Task objective
When you reach the line in the data below that contains "intros f; simpl; ring.", please start repeating lines exactly, and stop after the line that contains "destruct (gauge_integral_subinterval _ _ _ d", repeating nothing else.

Study material
Lemma split_fine_partition a x l : a <= c -> fine_partition split_gauge a x l ->
  (x <= c -> fine_partition g1 a x l) /\
  (c < x -> exists l1 l2, fine_partition g1 a c l1 /\ fine_partition g2 c x l2 /\
     forall f, riemann_sum f l = riemann_sum f l1 + riemann_sum f l2).
Proof.
  intros Hac. induction 1 as [|m x t l Hl [IH1 IH2] Hmx Hmt Htx H1 H2].
  { split; intros; [constructor | lra]. }
  split.
  - intros Hxc. pose proof (split_gauge_le_l t ltac:(lra)). constructor; try lra. apply IH1; lra.
  - intros Hcx. destruct (Rlt_le_dec c m) as [Hcm | Hmc].
    + destruct (IH2 Hcm) as [l1 [l2 [K1 [K2 K3]]]]. exists l1, ((m, t, x) :: l2).
      pose proof (split_gauge_le_r t ltac:(lra)).
      split; [exact K1 | split; [constructor; auto; lra | intros f; simpl; rewrite K3; ring]].
    + destruct (Req_dec m c) as [-> | Hmc'].
      * exists l, ((c, t, x) :: nil). pose proof (split_gauge_le_r t ltac:(lra)).
        split; [apply IH1; lra | split; [constructor; auto; [constructor | lra | lra] |]].
        intros f; simpl; ring.
      * assert (Htc : t = c).
        { destruct (Rlt_le_dec t c) as [Htc | Hct]; [pose proof (split_gauge_lt t Htc); lra |].
          destruct (Req_dec t c); auto. pose proof (split_gauge_gt t ltac:(lra)); lra. }
        subst t. pose proof (split_gauge_le_l c ltac:(lra)). pose proof (split_gauge_le_r c ltac:(lra)).
        exists ((m, c, c) :: l), ((c, c, x) :: nil).
        split; [constructor; try lra; apply IH1; lra |].
        split; [constructor; try lra; constructor | intros f; simpl; ring].
Qed.
End SplitGauge.

Lemma gauge_integral_zero f a : gauge_integral f a a 0.
Proof.
  split; [lra |]. intros eps Heps. exists (fun _ => 1). split; [intros; lra |].
  intros l Hl. inversion Hl as [| m b t l' Hl' Hmb]; subst.
  - simpl. rewrite Rminus_0_r, Rabs_R0. exact Heps.
  - pose proof (fine_partition_le _ _ _ _ Hl'). lra.
Qed.

Lemma gauge_integral_chasles f a b c I J : gauge_integral f a b I -> gauge_integral f b c J ->
  gauge_integral f a c (I + J).
Proof.
  intros [Hab H1] [Hbc H2]. split; [lra |]. intros eps Heps.
  destruct (H1 (eps / 2)) as [g1 [Hg1 K1]]; [lra |].
  destruct (H2 (eps / 2)) as [g2 [Hg2 K2]]; [lra |].
  exists (split_gauge g1 g2 b). split; [apply split_gauge_pos; auto |].
  intros l Hl. destruct (split_fine_partition g1 g2 b a c l Hab Hl) as [S1 S2].
  destruct (Req_dec b c) as [<- | Hbc'].
  - assert (J = 0) as ->.
    { apply (gauge_integral_unique f b b); [split; [lra | exact H2] | apply gauge_integral_zero]. }
    rewrite Rplus_0_r. pose proof (K1 l (S1 ltac:(lra))). lra.
  - destruct (S2 ltac:(lra)) as [l1 [l2 [E1 [E2 ->]]]].
    pose proof (K1 _ E1). pose proof (K2 _ E2).
    replace (riemann_sum f l1 + riemann_sum f l2 - (I + J))
      with ((riemann_sum f l1 - I) + (riemann_sum f l2 - J)) by ring.
    eapply Rle_lt_trans; [apply Rabs_triang | lra].
Qed.

Lemma gauge_integral_subinterval_le f a b c d I J : gauge_integral f a b I -> gauge_integral f c d J ->
  a <= c -> d <= b -> (forall x, a <= x <= b -> 0 <= f x) -> J <= I.
Proof.
  intros HI HJ Hac Hdb Hf. pose proof (gauge_integral_le_ab _ _ _ _ HJ) as Hcd.
  destruct (gauge_integral_subinterval _ _ _ a c _ HI) as [J1 H1]; try lra.
  destruct (gauge_integral_subinterval _ _ _ d b _ HI) as [J3 H3]; try lra.
  pose proof (gauge_integral_chasles _ _ _ _ _ _ (gauge_integral_chasles _ _ _ _ _ _ H1 HJ) H3) as Hall.
  rewrite (gauge_integral_unique _ _ _ _ _ HI Hall).
  pose proof (gauge_integral_nonneg _ _ _ _ H1 ltac:(intros; apply Hf; lra)).
  pose proof (gauge_integral_nonneg _ _ _ _ H3 ltac:(intros; apply Hf; lra)). lra.
Qed.

(** * Null sets *)

Lemma sum_f_R0_le_idx f n m : (forall i, 0 <= f i) -> (n <= m)%nat -> sum_f_R0 f n <= sum_f_R0 f m.
Proof. intros Hf. induction 1; simpl; [lra | pose proof (Hf (S m)); lra]. Qed.

Lemma sum_f_R0_ge_term f M i : (forall j, 0 <= f j) -> (i <= M)%nat -> f i <= sum_f_R0 f M.
Proof.
  intros Hf Hi. destruct i as [|i]; simpl.
  - apply (sum_f_R0_le_idx f 0 M Hf Hi).
  - pose proof (cond_pos_sum f i Hf).
    enough (sum_f_R0 f i + f (S i) <= sum_f_R0 f M) by lra.
    apply (sum_f_R0_le_idx f (S i) M Hf Hi).
Qed.

Lemma sum_half_powers eps M : sum_f_R0 (fun k => eps / 2 ^ S k) M = eps * (1 - / 2 ^ S M).
Proof.
  induction M as [|M IH]; [simpl; field |].
  rewrite tech5, IH. assert (2 ^ M <> 0) by (apply pow_nonzero; lra). simpl. field; auto.
Qed.

Lemma sum_f_R0_interleave F1 F2 n :
  sum_f_R0 (fun i => if Nat.even i then F1 (Nat.div2 i) else F2 (Nat.div2 i)) (2 * n + 1)
  = sum_f_R0 F1 n + sum_f_R0 F2 n.
Proof.
  induction n as [|n IH]; [simpl; ring |].
  replace (2 * S n + 1)%nat with (S (S (2 * n + 1))) by lia.
  rewrite !tech5, IH. replace (S (2 * n + 1)) with (2 * S n)%nat by lia.
  replace (S (2 * S n)) with (2 * S n + 1)%nat by lia.
  rewrite Nat.even_even, Nat.div2_double, Nat.even_odd, Nat.div2_odd'. simpl. ring.
Qed.

Lemma null_set_subset (N N' : R -> Prop) : (forall x, N' x -> N x) -> null_set N -> null_set N'.
Proof.
  intros H HN eps Heps. destruct (HN eps Heps) as [lo [hi [H1 [H2 H3]]]].
  exists lo, hi. split; [exact H1 | split; [intros x Hx; apply H2, H, Hx | exact H3]].
Qed.

Lemma null_set_point p : null_set (fun x => x = p).
Proof.
  intros eps Heps.
  exists (fun n => match n with O => p - eps / 2 | _ => 0 end).
  exists (fun n => match n with O => p + eps / 2 | _ => 0 end).
  split; [intros [|n]; lra |].
  split; [intros x ->; exists O; lra |].
  intros n. induction n; simpl; lra.
Qed.

Lemma null_set_union N1 N2 : null_set N1 -> null_set N2 -> null_set (fun x => N1 x \/ N2 x).
Proof.
  intros H1 H2 eps Heps.
  destruct (H1 (eps / 2)) as [lo1 [hi1 [A1 [B1 C1]]]]; [lra |].
  destruct (H2 (eps / 2)) as [lo2 [hi2 [A2 [B2 C2]]]]; [lra |].
  exists (fun i => if Nat.even i then lo1 (Nat.div2 i) else lo2 (Nat.div2 i)).
  exists (fun i => if Nat.even i then hi1 (Nat.div2 i) else hi2 (Nat.div2 i)).
  split; [intros i; destruct (Nat.even i); auto |].
  split.
  - intros x [Hx | Hx].
    + destruct (B1 x Hx) as [k Hk]. exists (2 * k)%nat. rewrite Nat.even_even, Nat.div2_double. auto.
    + destruct (B2 x Hx) as [k Hk]. exists (2 * k + 1)%nat. rewrite Nat.even_odd, Nat.div2_odd'. auto.
  - intros n. set (F1 := fun k => hi1 k - lo1 k). set (F2 := fun k => hi2 k - lo2 k).
    rewrite (sum_eq _ (fun i => if Nat.even i then F1 (Nat.div2 i) else F2 (Nat.div2 i)))
      by (intros i _; unfold F1, F2; destruct (Nat.even i); auto).
    eapply Rle_trans.
    + apply (sum_f_R0_le_idx _ n (2 * n + 1)); [| lia].
      intros i. unfold F1, F2. specialize (A1 (Nat.div2 i)). specialize (A2 (Nat.div2 i)).
      destruct (Nat.even i); lra.
    + rewrite sum_f_R0_interleave. specialize (C1 n). specialize (C2 n). unfold F1, F2. lra.
Qed.

Definition null_part (N : R -> Prop) (w : R -> R) (t : R) : R :=
  if excluded_middle_informative (N t) then Rabs (w t) else 0.

Definition len_below (lo hi y : R) : R := Rmax 0 (Rmin y hi - lo).

Lemma len_below_mono lo hi y z : y <= z -> len_below lo hi y <= len_below lo hi z.
Proof.
  intros. unfold len_below. apply Rle_max_compat_l.
  assert (Rmin y hi <= Rmin z hi) by (unfold Rmin; destruct (Rle_dec y hi), (Rle_dec z hi); lra).
  lra.
Qed.

Lemma len_below_diff_le lo hi y z : lo <= hi -> len_below lo hi z - len_below lo hi y <= hi - lo.
Proof.
  intros. unfold len_below. pose proof (Rmax_l 0 (Rmin y hi - lo)).
  assert (Rmax 0 (Rmin z hi - lo) <= hi - lo) by (apply Rmax_lub; [lra | pose proof (Rmin_r z hi); lra]).
  lra.
Qed.

Lemma len_below_diff_inside lo hi y z : lo < y -> y <= z -> z < hi ->
  len_below lo hi z - len_below lo hi y = z - y.
Proof.
  intros. unfold len_below. rewrite (Rmin_left z hi), (Rmin_left y hi) by lra.
  rewrite (Rmax_right 0 (z - lo)), (Rmax_right 0 (y - lo)) by lra. ring.
Qed.

Definition null_cover (N : R -> Prop) (e : R) (p : (nat -> R) * (nat -> R)) : Prop :=
  (forall n, fst p n <= snd p n) /\ (forall x, N x -> exists n, fst p n < x < snd p n) /\
  (forall n, sum_f_R0 (fun i => snd p i - fst p i) n <= e).

(* The [k]-th cover has total length [eps/((k+1) 2^(k+1))]; a tag [t] in [N] with
   [|w t| <= k] gets a piece inside one interval of the [k]-th cover, and since the
   pieces do not overlap, their total weight is at most [sum_k k eps/((k+1) 2^(k+1))]. *)
Section NullGauge.
Variables (N : R -> Prop) (w : R -> R) (eps : R).
Hypotheses (HN : null_set N) (Heps : 0 < eps).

Your response
        intros f; simpl; ring.
      * assert (Htc : t = c).
        { destruct (Rlt_le_dec t c) as [Htc | Hct]; [pose proof (split_gauge_lt t Htc); lra |].
          destruct (Req_dec t c); auto. pose proof (split_gauge_gt t ltac:(lra)); lra. }
        subst t. pose proof (split_gauge_le_l c ltac:(lra)). pose proof (split_gauge_le_r c ltac:(lra)).
        exists ((m, c, c) :: l), ((c, c, x) :: nil).
        split; [constructor; try lra; apply IH1; lra |].
        split; [constructor; try lra; constructor | intros f; simpl; ring].
Qed.
End SplitGauge.

Lemma gauge_integral_zero f a : gauge_integral f a a 0.
Proof.
  split; [lra |]. intros eps Heps. exists (fun _ => 1). split; [intros; lra |].
  intros l Hl. inversion Hl as [| m b t l' Hl' Hmb]; subst.
  - simpl. rewrite Rminus_0_r, Rabs_R0. exact Heps.
  - pose proof (fine_partition_le _ _ _ _ Hl'). lra.
Qed.

Lemma gauge_integral_chasles f a b c I J : gauge_integral f a b I -> gauge_integral f b c J ->
  gauge_integral f a c (I + J).
Proof.
  intros [Hab H1] [Hbc H2]. split; [lra |]. intros eps Heps.
  destruct (H1 (eps / 2)) as [g1 [Hg1 K1]]; [lra |].
  destruct (H2 (eps / 2)) as [g2 [Hg2 K2]]; [lra |].
  exists (split_gauge g1 g2 b). split; [apply split_gauge_pos; auto |].
  intros l Hl. destruct (split_fine_partition g1 g2 b a c l Hab Hl) as [S1 S2].
  destruct (Req_dec b c) as [<- | Hbc'].
  - assert (J = 0) as ->.
    { apply (gauge_integral_unique f b b); [split; [lra | exact H2] | apply gauge_integral_zero]. }
    rewrite Rplus_0_r. pose proof (K1 l (S1 ltac:(lra))). lra.
  - destruct (S2 ltac:(lra)) as [l1 [l2 [E1 [E2 ->]]]].
    pose proof (K1 _ E1). pose proof (K2 _ E2).
    replace (riemann_sum f l1 + riemann_sum f l2 - (I + J))
      with ((riemann_sum f l1 - I) + (riemann_sum f l2 - J)) by ring.
    eapply Rle_lt_trans; [apply Rabs_triang | lra].
Qed.

Lemma gauge_integral_subinterval_le f a b c d I J : gauge_integral f a b I -> gauge_integral f c d J ->
  a <= c -> d <= b -> (forall x, a <= x <= b -> 0 <= f x) -> J <= I.
Proof.
  intros HI HJ Hac Hdb Hf. pose proof (gauge_integral_le_ab _ _ _ _ HJ) as Hcd.
  destruct (gauge_integral_subinterval _ _ _ a c _ HI) as [J1 H1]; try lra.
  destruct (gauge_integral_subinterval _ _ _ d b _ HI) as [J3 H3]; try lra.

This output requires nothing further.